Skip net checks if local tests score is high enough?

Hi there,
	I was wondering if there was any option to skip the "net" tests
(RBLs, DCC etc) if the email was scored as spam sufficiently by the
local tests? If there is not, would this be considered a good option for
future releases. i.e. if for example the bayes and regex tests are
enough to score an email over a certain threshold, say 15, then any net
tests are basically a waste of time and resources IMO. "net" tests with
negative values would still get run however, as these may still have
some bearing on the final score.

Also, am I correct in thinking that net tests with a score of 0.0 are
not run at all?

Cheers
Scott

P.S Spamassassin 3.0 is great, thanks.

Re: Skip net checks if local tests score is high enough?

Posted by Daniel Quinlan <qu...@pathname.com>.
Theo Van Dinter <fe...@kluge.net> writes:

> I was actually chatting with another developer in IM about this very
> idea last night.  It sounds like a good idea, except, that it's more
> efficient to launch the RBL tests in the background at the start, then
> run the local tests, then check the network test results.

Sure, but we don't have to wait even longer on network test results if
the score exceeds some higher threshold.  More importantly, we don't
have to run DCC, Razor, and Pyzor if the score exceeds some threshold --
those tests can't be started in the background, at least not in our
current implementation (which needs to be revisited anyway).

> The likelihood is that you'll have to do network checks on more of your
> mail than the amount the short cut would be used on, so you're likely
> to end up spending more time per message since you'll always be waiting
> to start the network checks.

Nah, that's not the problem, we'll always want to start RBL queries
early, but even now, we don't wait for the slowest ones.  The problem we
do have to be more careful about is that the repeated check to see if
you can exit early can end up costing more than the benefit.  The
original sort by score code had that problem, mostly because it was
poorly designed.

Daniel

-- 
Daniel Quinlan
http://www.pathname.com/~quinlan/

Re: Skip net checks if local tests score is high enough?

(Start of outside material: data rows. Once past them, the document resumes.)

Lemma rat_ball_sub_ball (x : 'rV[R]_n) q k r : 0 < r ->
  sqnorm (x - map_mx ratr q) < k.+1%:R^-1 -> 4 * k.+1%:R^-1 <= r ^+ 2 ->
  rat_ball (q, k) `<=` [set w | enorm (X w - x) < r].
Proof.
move=> r0 xq kr w; rewrite /rat_ball /= => wq; rewrite ltr_enorm //.
have := sqnormB_le (X w) (map_mx ratr q) x; rewrite sqnormBC in xq => tri.
move: (k.+1%:R^-1) kr xq wq => e; lra.
Qed.

(* Any point of X outside the support has a P-null rational ball around it. *)
Lemma ae_law_support : P.-negligible [set w | ~ law_support P X (X w)].
Proof.
apply: (negligibleS _ (negligible_bigcup negligible_null_rat_ball)).
move=> w /= Xw_out; apply: contrapT => not_covered; apply: Xw_out => r r0.
rewrite lt0e measure_ge0 andbT; apply/negP => /eqP ball0; apply: not_covered.
have [k kr] : exists k : nat, 4 / r ^+ 2 < k.+1%:R.
  by exists (Num.truncn (4 / r ^+ 2)); rewrite truncnS_gt.
have eps0 : 0 < k.+1%:R^-1 :> R by rewrite invr_gt0.
have [q Xwq] := rat_row_approx (X w) eps0.
exists (pickle (q, k)) => //; rewrite /null_rat_ball pickleK.
suff -> : P (rat_ball (q, k)) == 0%E by [].
have eps_r : 4 * k.+1%:R^-1 <= r ^+ 2.
  rewrite ler_pdivrMr //; move: kr.
  by rewrite ltr_pdivrMr ?exprn_gt0 // mulrC => /ltW.
have ball_sq : [set w' | enorm (X w' - X w) < r] =
    [set w' | sqnorm (X w' - X w) < r ^+ 2].
  by apply/seteqP; split => w' /=; rewrite ltr_enorm.
rewrite eq_le measure_ge0 andbT -ball0.
apply: le_measure (rat_ball_sub_ball r0 Xwq eps_r); rewrite inE.
- exact/measurable_lt_cst/measurable_sqnormB.
- by rewrite ball_sq; exact/measurable_lt_cst/measurable_sqnormB.
Qed.

End LawSupport.

Section SecondMoment.
Variables (R : realType) (n : nat) (d : measure_display) (T : measurableType d)
  (P : probability T R) (X : T -> 'rV[R]_n) (t : 'rV[R]_n).
Hypothesis X_measurable : forall i : 'I_n, measurable_fun setT (fun w => X w ord0 i).
Hypothesis X_L2 : (\int[P]_w ((enorm (X w)) ^+ 2)%:E < +oo)%E.
Hypothesis X_mean : forall i : 'I_n, ('E_P[fun w => X w ord0 i] = (t ord0 i)%:E)%E.

Lemma expectationE (f : T -> R) : ('E_P[f] = \int[P]_w (f w)%:E)%E.
Proof. by rewrite unlock. Qed.
Lemma off_axis_not_dist1 c i s k t : C c -> absz s = 1 -> absz t = 1 -> k != i ->
  ~ dist (shift (shift (shift c i s) i s) k t) 1.
Proof.
move=> hc hs ht hki; set y1 := shift c i s; set v := shift y1 k t => hu.
have hik : (i == k) = false by rewrite eq_sym (negbTE hki).
have y1_dist1 : dist y1 1 := nbr_code_dist1 hc (Gadj_shift c i hs).
have y1_v : Gadj y1 v := Gadj_shift y1 k ht.
have v_dist2 : dist v 2.
  apply: (dist1_nbr_noncode_dist2 y1_dist1 y1_v) => hv.
  have := dist1_unique y1_dist1 (Gadj_shift_back c i hs) y1_v hc hv.
  by apply: (neq_at (j := k)); rewrite !ffunE eqxx (negbTE hki); lia.
have ck_dist1 : dist (shift c k t) 1 := nbr_code_dist1 hc (Gadj_shift c k ht).
apply: (has_count2_no_triple (dist2_count v_dist2)
  (conj _ y1_dist1) (conj _ ck_dist1) (conj _ hu)).
- exact: Gadj_shift_back.
- by rewrite /v /y1 shiftC Gadj_shift_back.
- by rewrite /v [shift (shift y1 i s) k t]shiftC Gadj_shift.
all: by apply: (neq_at (j := i)); rewrite !ffunE eqxx hik; lia.
Qed.
(* Let $\mathcal{A}$ be an alternative $W^{*}$-factor, $\mathcal{B}$ an alternative complex $\ast$-algebra, and $\Phi:\mathcal{A}\to\mathcal{B}$ a bijection preserving product $ab+ba^{*}$ (resp. $ab-ba^{*}$). Let $p_{1}\in\mathcal{A}$ be a projection with $p_{1}\neq 1_{\mathcal{A}}$, $p_{2}=1_{\mathcal{A}}-p_{1}$, and $\mathcal{A}_{ij}=p_{i}\mathcal{A}p_{j}$. Then $\Phi(a_{11}+b_{12}+c_{21}+d_{22})=\Phi(a_{11})+\Phi(b_{12})+\Phi(c_{21})+\Phi(d_{22})$ for all $a_{11}\in\mathcal{A}_{11}$, $b_{12}\in\mathcal{A}_{12}$, $c_{21}\in\mathcal{A}_{21}$, $d_{22}\in\mathcal{A}_{22}$.
   Context: An alternative $W^{*}$-factor is a prime alternative $C^{*}$-algebra (complete normed alternative complex $\ast$-algebra with $\|a^{*}a\|=\|a\|^{2}$) that is a dual Banach space; it is unital. A projection is a nonzero self-adjoint idempotent. $\mathcal{A}_{ij}$ are the Peirce components with respect to $p_{1}$. $\Phi$ preserves product $ab+ba^{*}$ (resp. $ab-ba^{*}$) if $\Phi(ab+ba^{*})=\Phi(a)\Phi(b)+\Phi(b)\Phi(a)^{*}$ (resp. $\Phi(ab-ba^{*})=\Phi(a)\Phi(b)-\Phi(b)\Phi(a)^{*}$) for all $a,b\in\mathcal{A}$. *)

From mathcomp Require Import all_boot all_order all_algebra.
From mathcomp Require Import complex.
From mathcomp Require Import reals.
Set Implicit Arguments. Unset Strict Implicit. Unset Printing Implicit Defensive.
Import Order.TTheory GRing.Theory Num.Theory.
Local Open Scope ring_scope.

Section AltDefs.
Variable R : realType.
Local Notation C := (R[i]).
Local Notation normC := (@Normc.normc R).

Definition normed_space (X : lmodType C) (n : X -> R) : Prop :=
  [/\ forall x, 0 <= n x,
      forall x, n x = 0 -> x = 0,
      forall x y, n (x + y) <= n x + n y &
      forall (c : C) x, n (c *: x) = normC c * n x].

Definition complete_norm (X : lmodType C) (n : X -> R) : Prop :=
  forall u : nat -> X,
    (forall e : R, 0 < e -> exists N : nat, forall m k : nat,
        (N <= m)%N -> (N <= k)%N -> n (u m - u k) < e) ->
    exists l : X, forall e : R, 0 < e -> exists N : nat, forall m : nat,
        (N <= m)%N -> n (u m - l) < e.

Definition banach_space (X : lmodType C) (n : X -> R) : Prop :=
  normed_space n /\ complete_norm n.

Definition alt_star_alg (A : lmodType C) (mul : A -> A -> A) (star : A -> A)
  : Prop :=
  [/\ forall (c : C) x y z, mul (c *: x + y) z = c *: mul x z + mul y z,
      forall (c : C) x y z, mul z (c *: x + y) = c *: mul z x + mul z y,
      forall x y, mul (mul x x) y = mul x (mul x y) &
      forall x y, mul (mul y x) x = mul y (mul x x)] /\
  [/\ forall (c : C) x y, star (c *: x + y) = (c^*)%C *: star x + star y,
      forall x, star (star x) = x &
      forall x y, star (mul x y) = mul (star y) (star x)].

Definition alt_Cstar_alg (A : lmodType C) (mul : A -> A -> A) (star : A -> A)
  (n : A -> R) : Prop :=
  [/\ alt_star_alg mul star,
      banach_space n,
      forall x y, n (mul x y) <= n x * n y &
      forall x, n (mul (star x) x) = n x ^+ 2].

Definition is_ideal (A : lmodType C) (mul : A -> A -> A) (I : A -> Prop) : Prop :=
  [/\ I 0,
      forall (c : C) x y, I x -> I y -> I (c *: x + y) &
      forall x y, I x -> I (mul x y) /\ I (mul y x)].

Definition prime_alg (A : lmodType C) (mul : A -> A -> A) : Prop :=
  forall I J : A -> Prop, is_ideal mul I -> is_ideal mul J ->
    (forall x y, I x -> J y -> mul x y = 0) ->
    (forall x, I x -> x = 0) \/ (forall y, J y -> y = 0).

(* (A, n) is (isometrically isomorphic to) the dual of some Banach space X *)
Definition dual_banach (A : lmodType C) (n : A -> R) : Prop :=
  exists (X : lmodType C) (nX : X -> R) (T : A -> X -> C),
    banach_space nX /\
    [/\
        forall a (c : C) x y, T a (c *: x + y) = c * T a x + T a y,
        forall a, exists M : R, forall x, normC (T a x) <= M * nX x,
        forall (c : C) a b x, T (c *: a + b) x = c * T a x + T b x,
        forall f : X -> C,
          (forall (c : C) x y, f (c *: x + y) = c * f x + f y) ->
          (exists M : R, forall x, normC (f x) <= M * nX x) ->
          exists a, forall x, T a x = f x &
        (* T is isometric for the operator norm: n a = sup_{nX x <= 1} |T a x| *)
        forall a, (forall x, normC (T a x) <= n a * nX x) /\
          (forall e : R, 0 < e -> exists x, nX x <= 1 /\ n a - e < normC (T a x))].

Definition alt_Wstar_factor (A : lmodType C) (mul : A -> A -> A) (star : A -> A)
  (n : A -> R) : Prop :=
  [/\ alt_Cstar_alg mul star n, prime_alg mul & dual_banach n].

Definition is_unit_of (A : lmodType C) (mul : A -> A -> A) (one : A) : Prop :=
  forall x, mul one x = x /\ mul x one = x.

Definition projection (A : lmodType C) (mul : A -> A -> A) (star : A -> A) (p : A)
  : Prop := [/\ p <> 0, star p = p & mul p p = p].

Definition peirce (A : lmodType C) (mul : A -> A -> A) (p q : A) (x : A) : Prop :=
  exists a, x = mul (mul p a) q.

Definition preserves_plus (A B : lmodType C) (mulA : A -> A -> A) (starA : A -> A)
  (mulB : B -> B -> B) (starB : B -> B) (Phi : A -> B) : Prop :=
  forall a b, Phi (mulA a b + mulA b (starA a)) =
              mulB (Phi a) (Phi b) + mulB (Phi b) (starB (Phi a)).

Definition preserves_minus (A B : lmodType C) (mulA : A -> A -> A) (starA : A -> A)
  (mulB : B -> B -> B) (starB : B -> B) (Phi : A -> B) : Prop :=
  forall a b, Phi (mulA a b - mulA b (starA a)) =
              mulB (Phi a) (Phi b) - mulB (Phi b) (starB (Phi a)).

End AltDefs.

From mathcomp Require Import all_boot all_order all_algebra.
From mathcomp Require Import complex.
From mathcomp Require Import reals.
Import GRing.Theory Num.Theory.
Set Implicit Arguments. Unset Strict Implicit. Unset Printing Implicit Defensive.
Local Open Scope ring_scope.

(* Both products ab + ba^* and ab - ba^* are instances of the twisted product
   x.y = xy + sg yx^* with sg = 1, resp. sg = -1.  For a scalar z with
   sg conj(z) = z (z = 1, resp. z = i) one has (z x).y = z J(x, y), where
   J(x, y) = xy + yx^* is a Jordan-type product.  Hence a relation
   Phi t = Phi s_1 + ... + Phi s_n is transported, through the preservation
   property and additivity of the product of B, to the same relation between
   the elements z J(x, t) and z J(x, s_k), for every multiplier x.

   In A we only use bilinearity, the alternative laws (hence flexibility),
   the involution, the unit, and a self-adjoint idempotent p with complement
   q = 1 - p.  Membership in a Peirce space A_ij is read off from p x and x p
   (peirce_in). *)

Section ComplexScalars.
Variable R : realType.

Lemma conjcN1 : ((-1 : R[i])^*)%C = -1.
Proof. by apply/eqP; rewrite eq_complex /= !oppr0 !eqxx. Qed.

Lemma conjci : (('i : R[i])^*)%C = - 'i.
Proof. by apply/eqP; rewrite eq_complex /= oppr0 !eqxx. Qed.

Lemma i_neq0 : ('i : R[i]) != 0.
Proof. by rewrite eq_complex /= oner_eq0 andbF. Qed.

Lemma double_inj (V : lmodType R[i]) (x y : V) : x + x = y + y -> x = y.
Proof.
have two_neq0 : (2%:R : R[i]) != 0 by rewrite pnatr_eq0.
by move=> h; apply: (scalerI two_neq0); rewrite !scaler_nat !mulr2n.
Qed.

Lemma double_eq0 (V : lmodType R[i]) (x : V) : x + x = 0 -> x = 0.
Proof. by move=> h; apply: double_inj; rewrite h addr0. Qed.

End ComplexScalars.

Section Bilinear.
Variables (R : realType) (V : lmodType R[i]) (m : V -> V -> V).
Hypothesis mDl : forall (c : R[i]) x y w, m (c *: x + y) w = c *: m x w + m y w.
Hypothesis mDr : forall (c : R[i]) x y w, m w (c *: x + y) = c *: m w x + m w y.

Posted by Theo Van Dinter <fe...@kluge.net>.
On Sun, Jul 04, 2004 at 02:09:31PM +1200, Scott Truman wrote:
> 	I was wondering if there was any option to skip the "net" tests
> (RBLs, DCC etc) if the email was scored as spam sufficiently by the
> local tests? If there is not, would this be considered a good option for

Nope.  There is no short-cutting code at all right now.

> enough to score an email over a certain threshold, say 15, then any net
> tests are basically a waste of time and resources IMO. "net" tests with

I was actually chatting with another developer in IM about this very
idea last night.  It sounds like a good idea, except, that it's more
efficient to launch the RBL tests in the background at the start, then
run the local tests, then check the network test results.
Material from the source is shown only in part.